Côté droit, rien de particulier à te dire si ce n'est que non, tu ne peux pas l'obliger à changer de N° car il n'y a rien à lui reprocher juridiquement : ni infraction pénale, ni faute civile, sauf si bien sûr les "méchancetés" dont tu parles sont constitutives d'injure/d'insulte et qu'ils peuvent être provués ("la parole s'envole..."). Par conséquent, aucune action ne semble pouvoir être mise en oeuvre.
Très sincèrement, le problème est d'origine psychologique et sa solution le sera aussi, bien plus que par une procédure judiciaire incertaine.
Bon courage à toi !
08/07/2008
Rapatriement d une personne agee,mariee, chez ses enfants
Effectivement, situation pas très simple à comprendre :)
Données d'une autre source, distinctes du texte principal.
(* Let $f(u)=|u|^{p-1}u$ with $p>1$, and fix $\beta<2$. Then $$d(\beta,c)=O\Big((c_*-c)^{\frac{p+3}{2(p-1)}}\Big)\qquad\text{as } c\to c_*^-.$$
   Context: Setting: $F(s)=\int_0^sf=|s|^{p+1}/(p+1)$, and $c_*=\sqrt{1-\beta_+^2/4}$ with $\beta_+=\max\{\beta,0\}$. Definitions, for $c^2<1$ and $\beta<2\sqrt{1-c^2}$: - $I(u)=\int u_{xx}^2-\beta u_x^2+(1-c^2)u^2\,dx$ and $K(u)=(p+1)\int F(u)\,dx$. - $m(\beta,c)=\inf\{I(u)/K(u)^{2/(p+1)}:u\in H^2(\mathbb R),u\ne0\}$. - $d(\beta,c)=\frac{p-1}{2(p+1)}m(\beta,c)^{(p+1)/(p-1)}$. Equivalently $d=E(\vec\varphi)+cQ(\vec\varphi)$ at any ground state $\vec\varphi=(\varphi,-c\varphi)$, where $E(u,v)=\int\frac12(u_{xx}^2-\beta u_x^2+u^2+v^2)-F(u)$ and $Q(u,v)=\int uv$. *)

From Stdlib Require Import Reals Lra ClassicalEpsilon.
Open Scope R_scope.

(* |s|^q, with the convention 0^q = 0 (q > 0 in all uses). *)
Definition abspow (s q : R) : R :=
  if Req_EM_T s 0 then 0 else Rpower (Rabs s) q.

(* F(s) = |s|^(p+1)/(p+1), the primitive of f(u) = |u|^(p-1) u. *)
Definition Fprim (p s : R) : R := abspow s (p + 1) / (p + 1).

Definition IntR (g : R -> R) (v : R) : Prop :=
  exists L : R, 0 < L /\ (forall x, L < Rabs x -> g x = 0) /\
    exists pr : Riemann_integrable g (- L) L, RiemannInt pr = v.

Definition admissible (u u1 u2 : R -> R) : Prop :=
  (forall x, derivable_pt_lim u x (u1 x)) /\
  (forall x, derivable_pt_lim u1 x (u2 x)) /\
  continuity u2 /\
  (exists L : R, forall x, L < Rabs x -> u x = 0) /\
  (exists x, u x <> 0).

Definition quotients (p beta c : R) (r : R) : Prop :=
  exists u u1 u2 Iv Fv,
    admissible u u1 u2 /\
    IntR (fun x => u2 x ^ 2 - beta * u1 x ^ 2 + (1 - c ^ 2) * u x ^ 2) Iv /\
    IntR (fun x => Fprim p (u x)) Fv /\
    r = Iv / Rpower ((p + 1) * Fv) (2 / (p + 1)).

Definition is_glb (E : R -> Prop) (m : R) : Prop :=
  (forall x, E x -> m <= x) /\ (forall b, (forall x, E x -> b <= x) -> b <= m).

(* Infimum of a set of reals (arbitrary value if no glb exists). *)
Definition Rinf (E : R -> Prop) : R :=
  epsilon (inhabits 0) (fun m => is_glb E m).

Definition m_inf (p beta c : R) : R := Rinf (quotients p beta c).

Definition d_val (p beta c : R) : R :=
  (p - 1) / (2 * (p + 1)) * Rpower (m_inf p beta c) ((p + 1) / (p - 1)).

Definition c_star (beta : R) : R := sqrt (1 - Rmax beta 0 ^ 2 / 4).

From Stdlib Require Import Reals Lra Lia Psatz ClassicalEpsilon.
From Coquelicot Require Import Coquelicot.
Open Scope R_scope.

(* Take the wave packets u_w(x) = phi(e x) cos(xi x + w) with the bump
   phi(y) = ((1 - y^2)_+)^3, xi^2 = beta_+/2 and e = sqrt(c_* - c).  The choice of xi makes
   the symbol xi^4 - beta xi^2 + 1 - c^2 equal to c_*^2 - c^2 <= 2 e^2, so I(u_w) = O(e);
   for the two phases w and w - pi/2 the squares add up to phi(e x)^2, so one of the two
   masses K(u_w) is at least of order 1/e.  Hence m(beta, c) = O(e^(1 + 2/(p+1))) and
   d = O(m^((p+1)/(p-1))) = O((c_* - c)^((p+3)/(2(p-1)))).

   The infimum m is a Hilbert-epsilon choice, and Rpower sends non-positive
   bases to 1, so the bound needs m to be a genuine positive infimum.  Integrating
   (u'' + t u)^2 >= 0 at t = 0, 1 and sqrt(1 - c^2) gives I(u) >= a (|u|_2^2 + |u'|_2^2)
   >= a sup u^2, while K(u) <= (sup u^2)^((p-1)/2) |u|_2^2; so every quotient is >= a > 0. *)

(** * Continuity and integration *)

Lemma continuity_pow (f : R -> R) (n : nat) :
  continuity f -> continuity (fun x => f x ^ n).
Proof.
  intros Hf; induction n as [|n IH]; simpl.
  - apply continuity_const; intros ??; reflexivity.
  - apply continuity_mult; assumption.
Qed.

Lemma continuity_affine_comp (f : R -> R) (a b : R) :
  continuity f -> continuity (fun x => f (a * x + b)).
Proof.
  intros Hf. apply (continuity_comp (fun x => a * x + b) f); [|exact Hf].
  apply continuity_plus; [apply continuity_mult|];
    try (apply continuity_const; intros ??; reflexivity).
  apply derivable_continuous, derivable_id.
Qed.

Ltac continuity_tac :=
  repeat first
    [ solve [auto]
    | apply continuity_pow
    | apply continuity_plus | apply continuity_minus
    | apply continuity_mult | apply continuity_opp
    | apply continuity_cos | apply continuity_sin
    | apply (derivable_continuous _ derivable_id)
    | apply continuity_const; intros ??; reflexivity ].

Lemma continuity_continuous (f : R -> R) (x : R) : continuity f -> continuous f x.
Proof. intros Hf. apply continuity_pt_filterlim, Hf. Qed.

Lemma ex_RInt_continuity (f : R -> R) (a b : R) : continuity f -> ex_RInt f a b.
Proof.
  intros Hf. apply (ex_RInt_continuous (V := R_CompleteNormedModule)).
  intros x _. apply continuity_continuous, Hf.
Qed.

Lemma RInt_le_continuity (f g : R -> R) (a b : R) : a <= b -> continuity f -> continuity g ->
  (forall x, a <= x <= b -> f x <= g x) -> RInt f a b <= RInt g a b.
Proof.
  intros Hab Hf Hg Hfg. apply RInt_le; try apply ex_RInt_continuity; auto.
  intros x Hx. apply Hfg. lra.
Qed.

Lemma RInt_ge0_continuity (f : R -> R) (a b : R) : a <= b -> continuity f ->
  (forall x, a <= x <= b -> 0 <= f x) -> 0 <= RInt f a b.
Proof.
  intros Hab Hf Hpos. apply RInt_ge_0; try apply ex_RInt_continuity; auto.
  intros x Hx. apply Hpos. lra.
Qed.

Lemma RInt_plus_continuity (f g : R -> R) (a b : R) : continuity f -> continuity g ->
  RInt (fun x => f x + g x) a b = RInt f a b + RInt g a b.
Proof.
  intros Hf Hg.
  exact (RInt_plus f g a b (ex_RInt_continuity f a b Hf) (ex_RInt_continuity g a b Hg)).
Qed.

Lemma RInt_scal_continuity (f : R -> R) (a b k : R) : continuity f ->
  RInt (fun x => k * f x) a b = k * RInt f a b.
Proof. intros Hf. exact (RInt_scal f a b k (ex_RInt_continuity f a b Hf)). Qed.

Lemma RInt_Chasles_continuity (f : R -> R) (a b c : R) : continuity f ->
  RInt f a b + RInt f b c = RInt f a c.
Proof.
  intros Hf.
  exact (RInt_Chasles f a b c (ex_RInt_continuity f a b Hf) (ex_RInt_continuity f b c Hf)).
Qed.

(* [RInt] takes values in Coquelicot's module sort, where [ring] and [field] do not apply:
   pointwise equalities and integral identities are therefore stated at type [R]. *)
Lemma RInt_ext_R (f g : R -> R) (a b : R) : (forall x, f x = g x) ->
  RInt f a b = RInt g a b.
Proof. intros Hfg. apply RInt_ext. intros x _. apply Hfg. Qed.

Lemma RInt_lincomb3 (f g h : R -> R) (a b k1 k2 k3 : R) :
  continuity f -> continuity g -> continuity h ->
  RInt (fun x => k1 * f x + k2 * g x + k3 * h x) a b =
  k1 * RInt f a b + k2 * RInt g a b + k3 * RInt h a b.
Proof.
  intros Hf Hg Hh.
  rewrite (RInt_plus_continuity (fun x => k1 * f x + k2 * g x) (fun x => k3 * h x))
    by continuity_tac.
  rewrite (RInt_plus_continuity (fun x => k1 * f x) (fun x => k2 * g x)) by continuity_tac.
  rewrite !RInt_scal_continuity by assumption. reflexivity.
Qed.

Lemma RInt_const_R (a b k : R) : RInt (fun _ => k) a b = (b - a) * k.
Proof. exact (RInt_const a b k). Qed.

Lemma RInt_zero_outside (f : R -> R) (L1 L2 : R) : continuity f -> 0 <= L1 <= L2 ->
  (forall x, L1 < Rabs x -> f x = 0) -> RInt f (- L1) L1 = RInt f (- L2) L2.
Proof.
  intros Hf HL Hzero.
  assert (Hnull : forall a b, a <= b -> (forall x, a < x < b -> L1 < Rabs x) -> RInt f a b = 0).
  { intros a b Hab Hout. rewrite (RInt_ext f (fun _ => 0)), RInt_const_R; [apply Rmult_0_r|].
    intros x Hx. rewrite Rmin_left, Rmax_right in Hx by lra. apply Hzero, Hout, Hx. }
  rewrite <- (RInt_Chasles_continuity f (- L2) (- L1) L2),
          <- (RInt_Chasles_continuity f (- L1) L1 L2) by exact Hf.
  rewrite (Hnull (- L2) (- L1)), (Hnull L1 L2); try lra;
    intros x Hx; [rewrite Rabs_right | rewrite Rabs_left]; lra.
Qed.

Lemma RInt_pos_at (g : R -> R) (a b x0 : R) : continuity g -> (forall x, 0 <= g x) ->
  a < x0 < b -> 0 < g x0 -> 0 < RInt g a b.
Proof.
  intros Hg Hpos Hx0 Hgx0.
  destruct (Hg x0 (g x0) Hgx0) as [al [Hal Hnear]].
  set (r := Rmin al (Rmin (x0 - a) (b - x0)) / 2).
  assert (Hr : 0 < r /\ r < al /\ a < x0 - r /\ x0 + r < b).
  { assert (0 < Rmin al (Rmin (x0 - a) (b - x0))) by (repeat apply Rmin_pos; lra).
    pose proof (Rmin_l al (Rmin (x0 - a) (b - x0))).
    pose proof (Rmin_r al (Rmin (x0 - a) (b - x0))).
    pose proof (Rmin_l (x0 - a) (b - x0)). pose proof (Rmin_r (x0 - a) (b - x0)).
    unfold r; lra. }
  assert (Hmid : 0 < RInt g (x0 - r) (x0 + r)).
  { apply RInt_gt_0; [lra| |intros; apply continuity_continuous, Hg].
    intros x Hx. destruct (Req_dec x x0) as [->|Hne]; [exact Hgx0|].
    assert (Hd : R_dist x x0 < al) by (unfold R_dist; apply Rabs_def1; lra).
    specialize (Hnear x (conj (conj I (not_eq_sym Hne)) Hd)). simpl in Hnear.
    unfold R_dist in Hnear. apply Rabs_def2 in Hnear. lra. }
  rewrite <- (RInt_Chasles_continuity g a (x0 - r) b),
          <- (RInt_Chasles_continuity g (x0 - r) (x0 + r) b) by exact Hg.
  assert (0 <= RInt g a (x0 - r)) by (apply RInt_ge0_continuity; auto; lra).
  assert (0 <= RInt g (x0 + r) b) by (apply RInt_ge0_continuity; auto; lra).
  lra.
Qed.

Lemma RInt_derive_eq (f df : R -> R) (a b : R) :
  (forall x : R, is_derive f x (df x)) -> continuity df -> RInt df a b = f b - f a :> R.
Proof.
  intros Hd Hc. apply is_RInt_unique, (is_RInt_derive (V := R_CompleteNormedModule)).
  - intros x _. apply Hd.
  - intros x _. apply continuity_continuous, Hc.
Qed.

Lemma is_derive_Rmult (f g : R -> R) (x df dg : R) :
  is_derive f x df -> is_derive g x dg -> is_derive (fun t => f t * g t) x (df * g x + f x * dg).
Proof. intros Hf Hg. apply (is_derive_mult f g); auto. intros; apply Rmult_comm. Qed.

Lemma is_derive_comp_R (f g : R -> R) (x df dg : R) :
  is_derive f (g x) df -> is_derive g x dg -> is_derive (fun t => f (g t)) x (dg * df).
Proof. intros Hf Hg. exact (is_derive_comp f g x df dg Hf Hg). Qed.

Lemma is_derive_0_of_sq_bound (f : R -> R) (C : R) : 0 < C -> f 0 = 0 ->
  (forall k, Rabs k <= 1 -> Rabs (f k) <= C * k ^ 2) -> is_derive f 0 0.
Proof.
  intros HC Hf0 Hbound. apply is_derive_Reals. intros eps Heps.
  assert (Hd : 0 < Rmin 1 (eps / C)) by (apply Rmin_pos; [lra | apply Rdiv_lt_0_compat; lra]).
  exists (mkposreal _ Hd). intros k Hk Hlt. simpl in Hlt.
  pose proof (Rmin_l 1 (eps / C)). pose proof (Rmin_r 1 (eps / C)).
  assert (Hak : 0 < Rabs k) by (apply Rabs_pos_lt, Hk).
  replace (0 + k) with k by ring. rewrite Hf0.
  replace ((f k - 0) / k - 0) with (f k / k) by (field; exact Hk).
  rewrite Rabs_div by exact Hk.
  apply (Rmult_lt_reg_r (Rabs k)); [exact Hak|].
  unfold Rdiv. rewrite Rmult_assoc, Rinv_l, Rmult_1_r by lra.
  eapply Rle_lt_trans; [apply Hbound; lra|].
  rewrite <- (pow2_abs k).
  assert (C * Rabs k < eps).
  { apply (Rmult_lt_reg_r (/ C)); [apply Rinv_0_lt_compat; lra|].
    replace (C * Rabs k * / C) with (Rabs k) by (field; lra). lra. }
  nra.
Qed.

Lemma continuity_of_derive (f f' : R -> R) : (forall x, is_derive f x (f' x)) -> continuity f.
Proof.
  intros Hd x. apply continuity_pt_filterlim, (ex_derive_continuous (V := R_NormedModule)).
  exists (f' x). apply Hd.
Qed.

(** * The power [|s|^q] *)

Lemma exp_le_compat (x y : R) : x <= y -> exp x <= exp y.
Proof. intros [Hlt | ->]; [left; apply exp_increasing, Hlt | right; reflexivity]. Qed.

Lemma abspow_0 (q : R) : abspow 0 q = 0.
Proof. unfold abspow. destruct (Req_EM_T 0 0); [reflexivity | contradiction]. Qed.

Lemma abspow_neq0 (s q : R) : s <> 0 -> abspow s q = Rpower (Rabs s) q.
Proof. intros Hs. unfold abspow. destruct (Req_EM_T s 0); [contradiction | reflexivity]. Qed.

Lemma abspow_gt0 (s q : R) : s <> 0 -> 0 < abspow s q.
Proof. intros Hs. rewrite abspow_neq0 by exact Hs. apply exp_pos. Qed.

Lemma abspow_ge0 (s q : R) : 0 <= abspow s q.
Proof.
  destruct (Req_EM_T s 0) as [->|Hs]; [rewrite abspow_0; lra | left; apply abspow_gt0, Hs].
Qed.

Lemma abspow_add2 (s q : R) : s <> 0 -> abspow s (q + 2) = Rpower (Rabs s) q * s ^ 2.
Proof.
  intros Hs. rewrite abspow_neq0 by exact Hs.
  replace 2 with (INR 2) by (simpl; ring).
  rewrite Rpower_plus, Rpower_pow, pow2_abs by (apply Rabs_pos_lt, Hs). reflexivity.
Qed.

Lemma abspow_le_abs (s q : R) : 1 <= q -> Rabs s <= 1 -> abspow s q <= Rabs s.
Proof.
  intros Hq Hs. destruct (Req_EM_T s 0) as [->|Hnz].
  - rewrite abspow_0, Rabs_R0; lra.
  - assert (Habs : 0 < Rabs s) by (apply Rabs_pos_lt, Hnz).
    rewrite abspow_neq0 by exact Hnz.
    replace q with (1 + (q - 1)) by ring. rewrite Rpower_plus, Rpower_1 by exact Habs.
    assert (Hle1 : Rpower (Rabs s) (q - 1) <= 1).
    { unfold Rpower. rewrite <- exp_0 at 2. apply exp_le_compat.
      assert (ln (Rabs s) <= 0) by (rewrite <- ln_1; apply ln_le; lra). nra. }
    nra.
Qed.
Qu'entends par "peut elle etre transferee aupres de ses enfants pour que ceux ci subviennent a la maladie de leur mere atteinte de la maladie d alzheimer" ?
Soit plus précis :)
08/07/2008
Cessation de part après 6 mois d activitée
Lena,
Pour te répondre, il n'y pas véritablement un droit de préférence pour tes associés qui t'obligerait à leur vendre en priorité mais si tu envisages de céder tes parts à un tiers, tu dois nécessairement avoir l'accord de la majorité des associés représentant au moins la moitié des parts sociales (Art. L223-14, code de commerce),sachant que tu peux prendre part au vote.
Dans ce cas, il te faut notifier ton projet de cession à ton ou tes associés et à la société. Si dans les trois mois, la société n'a pas réagit à ta notification par une assemblée générale, tu pourras vendre tes parts. Sinon, une assemblée générale doit avoir lieu pour se prononcer sur ton agrément, en 'lacceptant ou le refusant.
A défaut d'agrément, les associés sont tenus d'acquérir ou de faire acquérir tes parts dans le délai de 3 mois. Bien sûr, tu ne seras pas obligée d'accepter la cession qu'ils te proposeraient et tu pourras renoncer à la vente.
Si tu envisages de vendre tes parts à un associé, cette démarche préalable n'est pas nécessaire.
Dans tous les cas, la vente de tes parts doit nécessairement être rédigées par écrit puis être adressé par huissier à la société et inscrit au registre du commerce et des sociétés.
Tu ne risque rien à quitter ta société si rapidement donc tu peux être rassuré de ce côté là.